◆ **Exercise aim**:
Look below for the line that has "kernel of the". Set down the lines from there through the line that has "exactly for k = dim S/J);", exactly as written.

◆ **Available data**:
◆ ◆ ◆ ◆
(* canonical representative of the projective point [x] (x <> 0):
   x scaled so that its first nonzero coordinate equals 1 *)
Definition normalize (x : pt) : pt :=
  match [pick i : 'I_s | x i != 0] with
  | Some i => [ffun j => (x i)^-1 * x j]
  | None => x
  end.

(* X = [A_1 x ... x A_s] in P^{s-1}, each projective point represented by its
   normalized representative (bijection with the projective points) *)
Definition projX (A : 'I_s -> {set K}) : {set pt} :=
  [set normalize x | x in [set x : pt | (x != 0) && [forall i, x i \in A i]]].

Definition VX (A : 'I_s -> {set K}) (f : {mpoly K[s]}) : {set pt} :=
  [set x in projX A | f.@[x] == 0].

Definition homog_vanishing (A : 'I_s -> {set K}) (h : {mpoly K[s]}) : Prop :=
  (exists e : nat, h \is e.-homog) /\ (forall x, x \in projX A -> h.@[x] = 0).

Definition in_IX (A : 'I_s -> {set K}) (f : {mpoly K[s]}) : Prop :=
  exists (r : seq ({mpoly K[s]} * {mpoly K[s]})),
    (forall gh, gh \in r -> homog_vanishing A gh.2) /\
    f = \sum_(gh <- r) gh.1 * gh.2.

(* Hilbert function of S/I(X): H(d) = dim_K S_d / I(X)_d.  Since I(X)_d is the
   kernel of the evaluation map S_d -> K^X, this is the rank of the matrix of
   values of the degree-d monomials at the points of X. *)
Definition bmnm (d : nat) : finType := 'X_{1..s < d.+1}.

Definition hilbX (A : 'I_s -> {set K}) (d : nat) : nat :=
  \rank (\matrix_(i < #|bmnm d|, j < #|projX A|)
           (let m : bmnm d := enum_val i in
            if mdeg m == d then ('X_[val m] : {mpoly K[s]}).@[enum_val j]
            else 0)).

End ProjNested.

(* deg(S/J) from its Hilbert function H, with k = dim(S/J):
   k >= 1 : deg = (k-1)! lim H(d)/d^(k-1) (the limit being finite and positive
            exactly for k = dim S/J);
   k = 0  : H eventually 0 and deg = dim_K(S/J) = sum_d H(d). *)
Definition is_hdeg (H : nat -> nat) (e : nat) : Prop :=
  (exists k : nat, (1 <= k)%N /\ (0 < e)%N /\
     forall eps : rat, 0 < eps -> exists N : nat, forall d : nat, (N <= d)%N ->
       `| (H d)%:R / (d%:R ^+ k.-1) - e%:R / (k.-1)`!%:R | < eps)
  \/ (exists N : nat, (forall d, (N <= d)%N -> H d = 0%N) /\
        e = (\sum_(d < N) H d)%N).

(* d_i = |A_i| with the paper's 1-based index i (1 <= i <= s) *)
Definition dsz (K : finFieldType) (s : nat) (A : 'I_s -> {set K}) (i : nat) : nat :=
  if (insub i.-1 : option 'I_s) is Some j then #|A j| else 0%N.

From Pilot Require Import Defs.
From HB Require Import structures.
From mathcomp Require Import all_boot all_order all_algebra all_field.
From mathcomp Require Import mpoly.
From mathcomp Require Import zify ring.
Set Implicit Arguments. Unset Strict Implicit. Unset Printing Implicit Defensive.
Import Order.TTheory GRing.Theory Num.Theory.
Local Open Scope ring_scope.

(* Every f in L_d vanishes at the points of X with t_1 = 0, and by the nesting
   condition (ii) the points of X with t_1 <> 0 are exactly the [1 : y] with y
   in the grid A_2 x ... x A_s.  Hence |V_X(f)| = |X| - N(f), where N(f) counts
   the grid points at which f(1, y), a polynomial of degree <= d - 1, does not
   vanish.  A footprint bound of Alon-Furedi type, proved by induction on the
   number of sides after reducing each variable modulo the vanishing polynomial
   of its side, gives N(f) >= (d_{k+2} - l + 1) d_{k+3} ... d_s whenever
   N(f) > 0, with equality for products of linear forms vanishing on initial
   segments of the A_i.  Finally, in degree > (q - 1) s homogeneous polynomials
   separate the points of the finite set X, so the Hilbert function of S/I(X)
   is eventually |X| and deg S/I(X) = |X|. *)

(* For sorted [B = b_1 <= ... <= b_n] this is the least number of non-zeros on
   a grid with sides of sizes [b_i] of a polynomial of degree [<= E] that does
   not vanish on the whole grid. *)
Fixpoint min_nonzeros (B : seq nat) (E : nat) : nat :=
  if B is b :: B' then
    if (E < b.-1)%N then ((b - E) * \prod_(c <- B') c)%N
    else min_nonzeros B' (E - b.-1)
  else 1%N.

Lemma min_nonzeros_sub (B : seq nat) (u E : nat) :
  sorted leq B -> all (fun b => u < b)%N B -> (u <= E)%N ->
  (min_nonzeros B (E - u) <= u.+1 * min_nonzeros B E)%N.
Proof.
elim: B E => [|b B IH] E; first by rewrite /= muln1.
move=> /= sBb /andP[ub uB] uE.
have sB : sorted leq B := path_sorted sBb.
case: (ltnP E b.-1) => hE.
  rewrite (_ : (E - u < b.-1)%N = true); last by lia.
  rewrite mulnA leq_mul2r; apply/orP; right; nia.
case: (ltnP (E - u) b.-1) => hEu; last first.
  by rewrite (_ : (E - u - b.-1 = E - b.-1 - u)%N); [apply: IH => //; lia | lia].
case: B sBb sB uB IH => [|c C] sBb sB uB IH /=; first by rewrite big_nil !muln1; lia.
move: sBb uB => /= /andP[bc _] /andP[uc _].
rewrite (_ : (E - b.-1 < c.-1)%N = true); last by lia.
rewrite big_cons !mulnA leq_mul2r; apply/orP; right; nia.
Qed.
◆ ◆ ◆ ◆
◆ **Result of the task**:
   kernel of the evaluation map S_d -> K^X, this is the rank of the matrix of
   values of the degree-d monomials at the points of X. *)
Definition bmnm (d : nat) : finType := 'X_{1..s < d.+1}.

Definition hilbX (A : 'I_s -> {set K}) (d : nat) : nat :=
  \rank (\matrix_(i < #|bmnm d|, j < #|projX A|)
           (let m : bmnm d := enum_val i in
            if mdeg m == d then ('X_[val m] : {mpoly K[s]}).@[enum_val j]
            else 0)).

End ProjNested.

(* deg(S/J) from its Hilbert function H, with k = dim(S/J):
   k >= 1 : deg = (k-1)! lim H(d)/d^(k-1) (the limit being finite and positive
            exactly for k = dim S/J);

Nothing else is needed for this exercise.